To do that, we need to capture the return value from the function inside the goroutine―and that will require us either to add a lock or plumb in another channel:

errs := make(chan error)
...
go copyFile(adjusted, target, errs)

Since multiple operations can be running in parallel, we will also need another goroutine to drain the errors channel and accumulate the results somewhere:

var failures []error
go func() {
    for e := range errs {
        failures = append(failures, e)
    }
}()
...
wg.Wait()
close(errs)

Once the work is finished, we must also detect when the error collector is done, so we can examine the failures without a data race. We'll need another channel or wait group to signal for this:

var failures []error
edone := make(chan struct{})
go func() {
    defer close(edone)
    for e := range errs {
        failures = append(failures, e)
    }
}()
...
wg.Wait()   // all the workers are done
close(errs) // signal the error collector to stop
<-edone     // wait for the error collector to be done

Another issue is, if one of the file copies fails, we don't necessarily want to wait around for all the copies to finish before reporting the error―we want to stop everything and clean up the whole operation. Typically we would do this using a context.Context:

	ctx, cancel := context.WithCancel(context.Background())
	defer cancel()
	...
	copyFile(ctx, adjusted, target, errs)

Now copyFile will have to check for ctx to be finished:

func copyFile(ctx context.Context, source, target string, errs chan<- error) {
	if ctx.Err() != nil {
		return
	}
 	// ... do the copy as normal, or propagate an error
}

Finally, we want the ability to to limit the number of concurrent copies. Even if the host has plenty of memory and CPU, unbounded concurrency is likely to run us out of file descriptors. To handle this we might use a semaphore or a throttling channel:

throttle := make(chan struct{}, 64) // allow up to 64 concurrent copies
go func() {
    throttle <- struct{}{} // block until the throttle has a free slot
    defer func() { wg.Done(); <-throttle }()
    copyFile(ctx, adjusted, target, errs)
}()

So far, we're up to four channels (errs, edone, context, and throttle) plus a wait group. The point to note is that while these tools are quite able to express what we want, it can be tedious to wire them all together and keep track of the current state of the system.

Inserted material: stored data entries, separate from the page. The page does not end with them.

Lemma classification_p2_q3 Ai v w : basis_det v w <> 0 -> companion_action v w Ai 2 3 ->
  classification Ai v w.
Proof.
  intros Hbasis HAi.
  pose proof (pgram_norm_adapted v w Hbasis Ai 2 3 HAi (-2) (-3) (-1) 2 (9/10) 1
    ltac:(lra) ltac:(check_contraction) ltac:(check_contraction)) as HN.
  refine (connected_iff_unit (fun kk => connected2 (attractor Ai (three_digits v w kk))) _ _ _ _).
  - apply (three_digits_connected v w Ai 2 3 1 HAi _ _ _ HN
      [NbrState 1 0 2 1 0]
      [NbrState 0 1 2 1 1; NbrState (-2) 1 0 1 2; NbrState (-2) 0 0 2 3;
       NbrState 0 (-1) 1 2 4; NbrState 2 (-1) 1 0 5; NbrState 2 0 2 0 0]);
    [check_graph|check_graph|check_start|check_start].
  - apply (three_digits_connected v w Ai 2 3 (-1) HAi _ _ _ HN
      [NbrState 1 0 0 2 1; NbrState 0 0 0 0 1]
      [NbrState 0 (-1) 2 0 1; NbrState 3 (-1) 1 2 2; NbrState 2 0 1 2 3;
       NbrState (-1) 1 0 1 4; NbrState (-2) 1 2 1 4]);
    [check_graph|check_graph|check_start|check_start].
  - intros kk Hk. apply (three_digits_disconnected v w Ai 2 3 kk Hbasis HAi _ _ _ HN
      [(1, 0, 28561/1000000, 929231/500000);
       (151/200, 82/125, 2171/100000, 111311/100000);
       (259/500, 171/200, 5949/250000, 317531/500000);
       (79/250, 949/1000, 5459/200000, 39277/100000);
       (61/1000, 499/500, 24971/500000, 169953/1000000);
       (-87/200, 9/10, 44761/500000, 29451/125000);
       (-1, 0, 166181/1000000, 17549/50000);
       (-151/200, -82/125, 111939/1000000, 153123/500000);
       (-259/500, -171/200, 14081/100000, 285967/1000000);
       (-79/250, -949/1000, 27373/200000, 49457/125000);
       (-61/1000, -499/500, 75539/250000, 581993/1000000);
       (87/200, -9/10, 17033/1000000, 1345867/1000000)]
      (97/200) (7/8) (60717/250000 + 4497/31250 * (kk - 2))); check_polygon.
  - intros kk Hk. apply (three_digits_disconnected v w Ai 2 3 kk Hbasis HAi _ _ _ HN
      [(1, 0, 825557/1000000, -363501/1000000);
       (827/1000, 281/500, 411763/1000000, -78439/250000);
       (627/1000, 779/1000, 6049/31250, -18181/62500);
       (467/1000, 221/250, 53893/1000000, -154677/500000);
       (79/250, 949/1000, 22947/500000, -97511/250000);
       (137/1000, 991/1000, 31517/500000, -528761/1000000);
       (-137/1000, 991/1000, 52267/500000, -108031/125000);
       (-627/1000, 779/1000, 185497/1000000, -50691/31250);
       (-1, 0, 116901/500000, -935491/500000);
       (-827/1000, -281/500, 107809/500000, -1276629/1000000);
       (-627/1000, -779/1000, 180201/1000000, -842687/1000000);
       (-467/1000, -221/250, 103409/500000, -283461/500000);
       (-79/250, -949/1000, 137791/500000, -193579/500000);
       (-137/1000, -991/1000, 11087/40000, -9393/40000);
       (137/1000, -991/1000, 17681/25000, -78631/500000);
       (627/1000, -779/1000, 963917/1000000, -283521/1000000)]
      (-537/1000) (-843/1000) (440091/1000000 + -5967/31250 * (kk + 2))); check_polygon.
Qed.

The taskgroup package exists to handle the plumbing for the common case of a group of tasks that are all working on a related outcome (e.g., copying a directory structure), and where an error on the part of any single task may be grounds for terminating the work as a whole.

The package provides a taskgroup.Group type that has built-in support for some of these concerns:

  • Limiting the number of active goroutines.
  • Collecting and filtering errors.
  • Waiting for completion and delivering status.

A taskgroup.Group collects error values from each task and can deliver them to a user-provided callback. The callback can filter them or take other actions (such as cancellation). Invocations of the callback are all done from a single goroutine so it is safe to manipulate local resources without a lock.

A group does not directly support cancellation, but integrates cleanly with the standard context package. A context.CancelFunc can be used as a trigger to signal the whole group when an error occurs.

Overview

A task is expressed as a func() error, and is added to a group using the Go method:

var g taskgroup.Group
g.Go(myTask)

Any number of tasks may be added, and it is safe to do so from multiple goroutines concurrently. To wait for the tasks to finish, use:

err := g.Wait()

Wait blocks until all the tasks in the group have returned, and then reports the first non-nil error returned by any of the worker tasks.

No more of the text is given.